- WORK REQUEST
Repeat each line of the records below exactly.

Dataset entries

# # #

(* Let $m\ge 3$ and let $G=\mathrm{Sp}_{2m}(2)$ act in one of its two $2$-transitive actions (on the set of quadratic forms of $+$ type, respectively of $-$ type, on $\mathbb{F}_2^{2m}$ whose associated bilinear form is the defining symplectic form; degrees $2^{2m-1}+2^{m-1}$ and $2^{2m-1}-2^{m-1}$). Then for any two distinct points $\omega,\omega'$, the setwise stabilizer of $\{\omega,\omega'\}$ splits as a direct product $G(\{\omega,\omega'\}) = G(\omega,\omega')\times\langle s\rangle$, where $s$ is an involution swapping $\omega$ and $\omega'$. Consequently, there is no proper extension of this action to a $2$-by-block-transitive action of $G$.
   Context: A proper extension to a $2$-by-block-transitive action is a $G$-set $\Omega$ with a $G$-equivariant surjection onto the given $G$-set whose fibres (blocks) have size at least $2$, such that $G$ is transitive on ordered pairs of points of $\Omega$ in distinct blocks. *)

From HB Require Import structures.
From mathcomp Require Import all_boot all_order all_algebra all_fingroup.
Set Implicit Arguments. Unset Strict Implicit. Unset Printing Implicit Defensive.
Import GRing.Theory.

Definition V (m : nat) : finType := 'rV['F_2]_(m + m).

Definition sympB (m : nat) (x y : V m) : 'F_2 :=
  (\sum_(i < m) (x 0 (lshift m i) * y 0 (rshift m i)
                + x 0 (rshift m i) * y 0 (lshift m i)))%R.

Definition Sp_set (m : nat) : {set {perm V m}} :=
  [set g : {perm V m} |
     [forall x : V m, forall y : V m, g (x + y)%R == (g x + g y)%R]
  && [forall a : 'F_2, forall x : V m, g (a *: x)%R == (a *: g x)%R]
  && [forall x : V m, forall y : V m, sympB (g x) (g y) == sympB x y]].

Lemma Sp_group_set m : group_set (Sp_set m).
Proof.
apply/andP; split.
  rewrite inE; apply/andP; split; first (apply/andP; split).
  - by apply/forallP=> x; apply/forallP=> y; rewrite !perm1.
  - by apply/forallP=> a; apply/forallP=> x; rewrite !perm1.
  - by apply/forallP=> x; apply/forallP=> y; rewrite !perm1.
apply/subsetP=> gh /mulsgP[g h]; rewrite !inE.
move=> /andP[/andP[/forallP Ag /forallP Sg] /forallP Bg].
move=> /andP[/andP[/forallP Ah /forallP Sh] /forallP Bh] ->.
apply/andP; split; first (apply/andP; split).
- apply/forallP=> x; apply/forallP=> y; rewrite !permM.
  by rewrite (eqP (forallP (Ag x) y)) (eqP (forallP (Ah (g x)) (g y))).
- apply/forallP=> a; apply/forallP=> x; rewrite !permM.
  by rewrite (eqP (forallP (Sg a) x)) (eqP (forallP (Sh a) (g x))).
- apply/forallP=> x; apply/forallP=> y; rewrite !permM.
  by rewrite (eqP (forallP (Bh (g x)) (g y))) (eqP (forallP (Bg x) y)).
Qed.

Canonical Sp (m : nat) : {group {perm V m}} := Group (Sp_group_set m).

Definition is_quad_for_B (m : nat) (Q : {ffun V m -> 'F_2}) : bool :=
  [forall a : 'F_2, forall x : V m, Q (a *: x)%R == (a ^+ 2 * Q x)%R]
  && [forall x : V m, forall y : V m, Q (x + y)%R == (Q x + Q y + sympB x y)%R].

# # #

- PROBLEM SOLUTION
(* Let $m\ge 3$ and let $G=\mathrm{Sp}_{2m}(2)$ act in one of its two $2$-transitive actions (on the set of quadratic forms of $+$ type, respectively of $-$ type, on $\mathbb{F}_2^{2m}$ whose associated bilinear form is the defining symplectic form; degrees $2^{2m-1}+2^{m-1}$ and $2^{2m-1}-2^{m-1}$). Then for any two distinct points $\omega,\omega'$, the setwise stabilizer of $\{\omega,\omega'\}$ splits as a direct product $G(\{\omega,\omega'\}) = G(\omega,\omega')\times\langle s\rangle$, where $s$ is an involution swapping $\omega$ and $\omega'$. Consequently, there is no proper extension of this action to a $2$-by-block-transitive action of $G$.
   Context: A proper extension to a $2$-by-block-transitive action is a $G$-set $\Omega$ with a $G$-equivariant surjection onto the given $G$-set whose fibres (blocks) have size at least $2$, such that $G$ is transitive on ordered pairs of points of $\Omega$ in distinct blocks. *)

From HB Require Import structures.
From mathcomp Require Import all_boot all_order all_algebra all_fingroup.
Set Implicit Arguments. Unset Strict Implicit. Unset Printing Implicit Defensive.
Import GRing.Theory.

Definition V (m : nat) : finType := 'rV['F_2]_(m + m).

Definition sympB (m : nat) (x y : V m) : 'F_2 :=
  (\sum_(i < m) (x 0 (lshift m i) * y 0 (rshift m i)
                + x 0 (rshift m i) * y 0 (lshift m i)))%R.

Definition Sp_set (m : nat) : {set {perm V m}} :=
  [set g : {perm V m} |
     [forall x : V m, forall y : V m, g (x + y)%R == (g x + g y)%R]
  && [forall a : 'F_2, forall x : V m, g (a *: x)%R == (a *: g x)%R]
  && [forall x : V m, forall y : V m, sympB (g x) (g y) == sympB x y]].

Lemma Sp_group_set m : group_set (Sp_set m).
Proof.
apply/andP; split.
  rewrite inE; apply/andP; split; first (apply/andP; split).
  - by apply/forallP=> x; apply/forallP=> y; rewrite !perm1.
  - by apply/forallP=> a; apply/forallP=> x; rewrite !perm1.
  - by apply/forallP=> x; apply/forallP=> y; rewrite !perm1.
apply/subsetP=> gh /mulsgP[g h]; rewrite !inE.
move=> /andP[/andP[/forallP Ag /forallP Sg] /forallP Bg].
move=> /andP[/andP[/forallP Ah /forallP Sh] /forallP Bh] ->.
apply/andP; split; first (apply/andP; split).
- apply/forallP=> x; apply/forallP=> y; rewrite !permM.
  by rewrite (eqP (forallP (Ag x) y)) (eqP (forallP (Ah (g x)) (g y))).
- apply/forallP=> a; apply/forallP=> x; rewrite !permM.
  by rewrite (eqP (forallP (Sg a) x)) (eqP (forallP (Sh a) (g x))).
- apply/forallP=> x; apply/forallP=> y; rewrite !permM.
  by rewrite (eqP (forallP (Bh (g x)) (g y))) (eqP (forallP (Bg x) y)).
Qed.

Canonical Sp (m : nat) : {group {perm V m}} := Group (Sp_group_set m).

Definition is_quad_for_B (m : nat) (Q : {ffun V m -> 'F_2}) : bool :=
  [forall a : 'F_2, forall x : V m, Q (a *: x)%R == (a ^+ 2 * Q x)%R]
  && [forall x : V m, forall y : V m, Q (x + y)%R == (Q x + Q y + sympB x y)%R].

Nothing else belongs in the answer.